TASK PROMPT: All that is wanted is an exact copy of the line containing "unfold birkhoff. split." and the lines after it, through the end of the records.

*** Block opens ***

Lemma unitary_adj_mulmx n (U : 'M[C]_n) : U \is unitarymx -> adjmx U *m U = 1%:M.
Proof. by move=> Uu; rewrite -[adjmx U]mul1mx adjmxE mulmxKtV. Qed.

Lemma adj_unitary n (U : 'M[C]_n) : U \is unitarymx -> adjmx U \is unitarymx.
Proof. by rewrite adjmxE trmxC_unitary. Qed.

Lemma psd_codiagonalizable n (As : seq 'M[C]_n) :
  {in As, forall A, psd A} -> {in As &, forall A B, comm_mx A B} ->
  exists2 U, U \is unitarymx & {in As, forall A, is_diag_mx (U *m A *m adjmx U : 'M[C]_n)}.
Proof.
(* A common unitary triangularization; a triangular positive matrix is
   hermitian, hence diagonal. *)
move=> Apsd Acomm; have [U Uu /allP UAs] := cotrigonalization Acomm.
exists U; first exact: Uu.
move=> A AAs; have UAtrig : is_trig_mx (conjmx U A) := UAs A AAs.
rewrite (conjymx _ Uu) -adjmxE in UAtrig; move/is_trig_mxP: UAtrig => UAtrig.
have UApsd := psd_conj U (Apsd A AAs).
apply/is_diag_mxP => i j; case: ltngtP => // [ij|ji] _; first exact: UAtrig.
by rewrite (psd_adj _ _ UApsd) UAtrig ?rmorph0.
Qed.
End Hermitian.

Section Tensor.
Variable R : realType.
Local Notation C := R[i].
Local Notation idx a b := (@mxtens_index 2 2 (a, b)).

Lemma big_ord2 (F : 'I_2 -> C) : \sum_(i < 2) F i = F 0 + F 1.
Proof. by rewrite !big_ord_recl big_ord0 addr0; congr (F _ + F _); apply: val_inj. Qed.

Lemma big_mxtens2 (F : 'I_(2 * 2) -> C) : \sum_(k < 2 * 2) F k =
  F (idx 0 0) + F (idx 0 1) + F (idx 1 0) + F (idx 1 1).
Proof.
rewrite (reindex (@mxtens_index 2 2)) /=; last first.
  by exists (@mxtens_unindex 2 2) => k _; rewrite (mxtens_indexK, mxtens_unindexK).
rewrite (eq_bigr (fun p => F (idx p.1 p.2))); last by case.
by rewrite -(pair_bigA _ (fun a b => F (idx a b))) /= !big_ord2 !addrA.
Qed.

Lemma ord2P (i : 'I_2) : i = 0 \/ i = 1.
Proof. by case: i => [[|[|//]]] h; [left|right]; apply: val_inj. Qed.

Ltac expand := repeat progress rewrite ?mxE ?big_mxtens2 ?big_ord2 ?mxtens_indexK /=.

Lemma sqr_mx (A : 'M[C]_(2 * 2)) : A ^+ 2 = A *m A.
Proof. by rewrite expr2 mulmxE. Qed.

Definition pauli_diff (k : 'M[C]_2) : 'M[C]_(2 * 2) :=
  k *t (1%:M : 'M[C]_2)^T - (1%:M : 'M[C]_2) *t k^T.

Lemma pauli_diffE k a1 a2 b1 b2 : pauli_diff k (idx a1 a2) (idx b1 b2) =
  k a1 b1 * (a2 == b2)%:R - (a1 == b1)%:R * k b2 a2.
Proof. by rewrite /pauli_diff !mxE !mxtens_indexK /= eq_sym. Qed.

Lemma Csymm2E a1 a2 b1 b2 : Csymm2 R (idx a1 a2) (idx b1 b2) =
  8 * ((a1 == b1) && (a2 == b2))%:R - 4 * ((a1 == a2) && (b1 == b2))%:R.
Proof.
have -> : Csymm2 R = pauli_diff (pauli1 R) *m pauli_diff (pauli1 R)
    + pauli_diff (pauli2 R) *m pauli_diff (pauli2 R)
    + pauli_diff (pauli3 R) *m pauli_diff (pauli3 R).
  by rewrite /Csymm2 !big_cons big_nil [X in _ + (_ + X)]addr0 addrA; congr (_ + _ + _); apply: sqr_mx.
move: (pauli_diffE (pauli1 R)) (pauli_diffE (pauli2 R)) (pauli_diffE (pauli3 R)).
move: (pauli_diff _) (pauli_diff _) (pauli_diff _) => X1 X2 X3 E1 E2 E3.
rewrite !mxE !big_mxtens2 !E1 !E2 !E3.
have ii : 'i%C * 'i%C = -1 :> C by rewrite -expr2 sqr_i.
case: (ord2P a1) => ->; case: (ord2P a2) => ->; case: (ord2P b1) => ->;
  case: (ord2P b2) => ->; rewrite !mxE /=.
all: ring: ii.
Qed.

(* ⟨Ω|P|Ω⟩ for the unnormalised maximally entangled vector Ω = Σ_a e_a ⊗ e_a^*. *)
Definition maxent (P : 'M[C]_(2 * 2)) : C := \sum_(a < 2) \sum_(b < 2) P (idx a a) (idx b b).

Lemma cost_maxent P : \tr (P *m Csymm2 R) = 8 * \tr P - 4 * maxent P.
Proof.
move: (@Csymm2E) => CE; move: (Csymm2 R) CE => Cm CE.
by rewrite /mxtrace /maxent; expand; rewrite !CE /=; ring.
Qed.

Definition tensJ (U : 'M[C]_2) : 'M[C]_(2 * 2) := U *t map_mx conjc U.

Section TensJ.
Variable U : 'M[C]_2.
Hypothesis Uu : adjmx U *m U = 1%:M.

Lemma ptr2_tensJ P : ptr2 (tensJ U *m P *m adjmx (tensJ U)) = U *m ptr2 P *m adjmx U.
Proof.
apply/matrixP => i k.
transitivity (\sum_(a1 < 2) \sum_(a2 < 2) \sum_(b1 < 2) \sum_(b2 < 2)
  U i a1 * P (idx a1 a2) (idx b1 b2) * (U k b1)^*%C * (adjmx U *m U) a2 b2).
  by expand; rewrite !rmorphM /= !conjcK; ring.
by rewrite Uu /ptr2; expand; ring.
Qed.

Lemma ptr1_tensJ P : ptr1 (tensJ U *m P *m adjmx (tensJ U)) = map_mx conjc U *m ptr1 P *m U^T.
Proof.
apply/matrixP => j l.
transitivity (\sum_(a1 < 2) \sum_(a2 < 2) \sum_(b1 < 2) \sum_(b2 < 2)
  (U j a2)^*%C * P (idx a1 a2) (idx b1 b2) * U l b2 * (adjmx U *m U) b1 a1).
  by expand; rewrite !rmorphM /= !conjcK; ring.
by rewrite Uu /ptr1; expand; ring.
Qed.

Lemma tr_tensJ P : \tr (tensJ U *m P *m adjmx (tensJ U)) = \tr P.
Proof.
transitivity (\sum_(a1 < 2) \sum_(a2 < 2) \sum_(b1 < 2) \sum_(b2 < 2)
  P (idx a1 a2) (idx b1 b2) * (adjmx U *m U) b1 a1 * (adjmx U *m U) a2 b2).
  by rewrite /mxtrace; expand; rewrite !rmorphM /= !conjcK; ring.
by rewrite Uu /mxtrace; expand; ring.
Qed.

Lemma maxent_tensJ P : maxent (tensJ U *m P *m adjmx (tensJ U)) = maxent P.
Proof.
transitivity (\sum_(a1 < 2) \sum_(a2 < 2) \sum_(b1 < 2) \sum_(b2 < 2)
  map_mx conjc (adjmx U *m U) a1 a2 * P (idx a1 a2) (idx b1 b2) * (adjmx U *m U) b1 b2).
  by rewrite /maxent; expand; rewrite !rmorphD !rmorphM /= !conjcK; ring.
by rewrite Uu map_mx1 /maxent; expand; ring.
Qed.

End TensJ.
End Tensor.

Section Transport.
Variable R : realType.
Local Notation C := R[i].

Lemma adj_conjK (U X : 'M[C]_2) : U \is unitarymx ->
  adjmx U *m (U *m X *m adjmx U) *m adjmx (adjmx U) = X.
Proof.
by move=> /unitary_adj_mulmx UU; rewrite adjmxK !mulmxA UU mul1mx -mulmxA UU mulmx1.
Qed.

Lemma state_conj (U X : 'M[C]_2) : U \is unitarymx -> state X -> state (U *m X *m adjmx U).
Proof.
move=> /unitary_adj_mulmx UU [Xpsd Xtr]; split; first exact: psd_conj.
by rewrite mxtrace_mulC mulmxA UU mul1mx.
Qed.

Lemma coupling_conj (U rho omega : 'M[C]_2) (P : 'M[C]_(2 * 2)) : U \is unitarymx -> coupling rho omega P ->
  coupling (U *m rho *m adjmx U) (U *m omega *m adjmx U) (tensJ U *m P *m adjmx (tensJ U)).
Proof.
move=> Uu [[Ppsd Ptr] [P2 P1]]; have UU := unitary_adj_mulmx Uu.
split; [split|split].
- exact: psd_conj.
- by rewrite tr_tensJ.
- by rewrite ptr2_tensJ // P2.
- by rewrite ptr1_tensJ // P1 !trmx_mul /adjmx trmxK mulmxA.
Qed.

Lemma cost_conj (U : 'M[C]_2) (P : 'M[C]_(2 * 2)) : U \is unitarymx ->
  \tr (tensJ U *m P *m adjmx (tensJ U) *m Csymm2 R) = \tr (P *m Csymm2 R).
Proof.
by move=> /unitary_adj_mulmx UU; rewrite !cost_maxent tr_tensJ // maxent_tensJ.
Qed.
Lemma birkhoff_iff u z : birkhoff u z <-> bj_form u z = 0.
Proof.
  assert (Hexp : forall l, quart (vadd u (vscal l z))
                   = quart u + 4 * bj_form u z * l + l ^ 2 * tail_form u z 1 l).
  { intro l. rewrite <- (vscal_1 u) at 1. rewrite quart_lincomb. ring. }
  unfold birkhoff. split.
  - intro H.
    enough (4 * bj_form u z = 0) by lra.
    apply (first_order_coeff_zero _ (6 * mixed_sq u z + 4 * Rabs (bj_form z u) + quart z)
             (tail_form u z 1)).
    + intros l Hl. unfold tail_form.
      assert (bj_form z u * l <= Rabs (bj_form z u)).
      { eapply Rle_trans; [apply Rle_abs|]. rewrite Rabs_mult.
        pose proof (Rabs_pos (bj_form z u)). nra. }
      assert (l ^ 2 <= 1) by (rewrite <- pow2_abs; pose proof (Rabs_pos l); nra).
      pose proof (quart_nonneg z). nra.
    + intro l. specialize (H l). apply Rge_le, norm4_le_iff in H.
      rewrite Hexp in H. lra.
  - intros H l. apply Rle_ge, norm4_le_iff. rewrite Hexp, H.
    pose proof (tail_form_nonneg u z 1 l). pose proof (pow2_ge_0 l). nra.
Qed.

Lemma mixed_sq_nonneg u z : 0 <= mixed_sq u z.
Proof. destruct u, z; unfold mixed_sq; cbn [fst snd]; nra. Qed.

Lemma mixed_sq_sq_le u z : mixed_sq u z ^ 2 <= quart u * quart z.
Proof.
  destruct u as [u1 u2], z as [z1 z2]; unfold mixed_sq, quart; cbn [fst snd].
  assert (E : (u1 ^ 4 + u2 ^ 4) * (z1 ^ 4 + z2 ^ 4) - (u1 ^ 2 * z1 ^ 2 + u2 ^ 2 * z2 ^ 2) ^ 2
              = (u1 ^ 2 * z2 ^ 2 - u2 ^ 2 * z1 ^ 2) ^ 2) by ring.
  pose proof (pow2_ge_0 (u1 ^ 2 * z2 ^ 2 - u2 ^ 2 * z1 ^ 2)). lra.
Qed.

*** Block closes ***

TASK RESULT:
  unfold birkhoff. split.
  - intro H.
    enough (4 * bj_form u z = 0) by lra.
    apply (first_order_coeff_zero _ (6 * mixed_sq u z + 4 * Rabs (bj_form z u) + quart z)
             (tail_form u z 1)).
    + intros l Hl. unfold tail_form.
      assert (bj_form z u * l <= Rabs (bj_form z u)).
      { eapply Rle_trans; [apply Rle_abs|]. rewrite Rabs_mult.
        pose proof (Rabs_pos (bj_form z u)). nra. }
      assert (l ^ 2 <= 1) by (rewrite <- pow2_abs; pose proof (Rabs_pos l); nra).
      pose proof (quart_nonneg z). nra.
    + intro l. specialize (H l). apply Rge_le, norm4_le_iff in H.
      rewrite Hexp in H. lra.
  - intros H l. apply Rle_ge, norm4_le_iff. rewrite Hexp, H.
    pose proof (tail_form_nonneg u z 1 l). pose proof (pow2_ge_0 l). nra.
Qed.

Lemma mixed_sq_nonneg u z : 0 <= mixed_sq u z.
Proof. destruct u, z; unfold mixed_sq; cbn [fst snd]; nra. Qed.

Lemma mixed_sq_sq_le u z : mixed_sq u z ^ 2 <= quart u * quart z.
Proof.
  destruct u as [u1 u2], z as [z1 z2]; unfold mixed_sq, quart; cbn [fst snd].
  assert (E : (u1 ^ 4 + u2 ^ 4) * (z1 ^ 4 + z2 ^ 4) - (u1 ^ 2 * z1 ^ 2 + u2 ^ 2 * z2 ^ 2) ^ 2
              = (u1 ^ 2 * z2 ^ 2 - u2 ^ 2 * z1 ^ 2) ^ 2) by ring.
  pose proof (pow2_ge_0 (u1 ^ 2 * z2 ^ 2 - u2 ^ 2 * z1 ^ 2)). lra.
Qed.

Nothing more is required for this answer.